I can run 32bit applications when i install i386-wine


----------



## a6h (Oct 7, 2020)

Wine - FreeBSD Wiki
		



			i386-Wine - FreeBSD Wiki
		






						FreeBSD - WineHQ Wiki
					






					wiki.winehq.org


----------



## Alexander88207 (Oct 8, 2020)

Currently the 32-Bit and 64-Bit versions of Wine are seperated, this means that the respective programs that you want to use, should have only 32-Bit processes or only 64-Bit processes but not both together.


----------



## a6h (Oct 8, 2020)

wine wow64 and winetricks at x64 wine
					

Is wow64-support for wine in the works? Wine supports wow64 since years but many distro's didn't seem to implement this very well or not yet.  Winetricks is also not working for 64-bit wine, since there is more and more applications who drop x86 support i start to need it.

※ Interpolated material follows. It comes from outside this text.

(* On Gauss diagrams of twisted knot diagrams, the forbidden move $F1$ can be realized by a finite sequence of moves $F2$, $T2$ and $T3$, and the forbidden move $F2$ can be realized by a finite sequence of moves $F1$, $T2$ and $T3$. Consequently, in the presence of $T2$ and $T3$, allowing $F1$ is equivalent to allowing $F2$.
   Context: A twisted knot diagram is a virtual knot diagram (an oriented generic immersed circle in the plane whose double points are either classical crossings, carrying over/under information, or virtual crossings, carrying none) which may in addition carry finitely many bars: short segments marked transversally on arcs, away from crossings. Gauss diagram of a twisted knot diagram: an oriented circle (the parametrizing circle of the knot) on which are marked, in the order met when traversing the knot from a basepoint, the two preimages of each classical crossing and one point for each bar. For each classical crossing a chord joins its two preimages, oriented from the overcrossing preimage (the arrowtail) to the undercrossing preimage (the arrowhead), and labelled by the sign $\varepsilon\in\{+,-\}$ of the crossing. Virtual crossings are not recorded. Two marked points (chord endpoints or bars) are called adjacent if no other marked point lies between them on the circle. Moves on Gauss diagrams (each may be applied in either direction): - $T2$: add or remove two adjacent bars. - $T3$: if each endpoint of a chord is immediately preceded and immediately followed by a bar, remove these four bars, reverse the orientation of the chord and change its sign (the Gauss-diagram version of the twisted Reidemeister move in which a classical crossing having a bar on each of its four incident arcs next to the crossing is replaced by the crossing with over- and under-strand exchanged, the four bars being removed). - $F1$: exchange the positions of two adjacent arrowheads of different chords (signs arbitrary). - $F2$: exchange the positions of two adjacent arrowtails of different chords (signs arbitrary). *)

From Stdlib Require Import List Arith Relations.
Import ListNotations.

There is no...




					forums.freebsd.org


----------



## shkhln (Oct 8, 2020)

vigole said:


> https://forums.freebsd.org/threads/wine-wow64-and-winetricks-at-x64-wine.62634/#post-370978



Superseded by https://gist.github.com/shkhln/3d0856683e1fc029d64cdaa6ba3e9393.


----------



## christhegeek (Oct 8, 2020)

I tried i386-wine it works but then when i uninstall it and installed wine64 it has problems.
Doesn't seem to work for some reason



Alexander88207 said:


> Currently the 32-Bit and 64-Bit versions of Wine are seperated, this means that the respective programs that you want to use, should have only 32-Bit processes or only 64-Bit processes but not both together.


----------



## Alexander88207 (Oct 8, 2020)

christhegeek said:


> I tried i386-wine it works but then when i uninstall it and installed wine64 it has problems.
> Doesn't seem to work for some reason



Can you describe your problem in more detail?


----------



## christhegeek (Oct 8, 2020)

004a:err:module:__wine_process_init failed to load


----------



## Alexander88207 (Oct 8, 2020)

What was the command?

Edit: I also did a quck test and got 

`winecfg
wine: could not load ntdll.so: (null)`


----------



## shkhln (Oct 8, 2020)

The latest wine-devel is probably busted.


----------



## christhegeek (Oct 8, 2020)

wine64 .exe file



Alexander88207 said:


> What was the command?
> 
> Edit: I also did a quck test and got
> 
> ...


----------



## tbyte (May 2, 2021)

It is still the same, FreeBSD 13 and wine-devel-6.4,1


----------



## shkhln (May 2, 2021)

tbyte said:


> It is still the same, FreeBSD 13 and wine-devel-6.4,1


Write this directly to gerald@.


----------



## Deleted member 67862 (May 8, 2021)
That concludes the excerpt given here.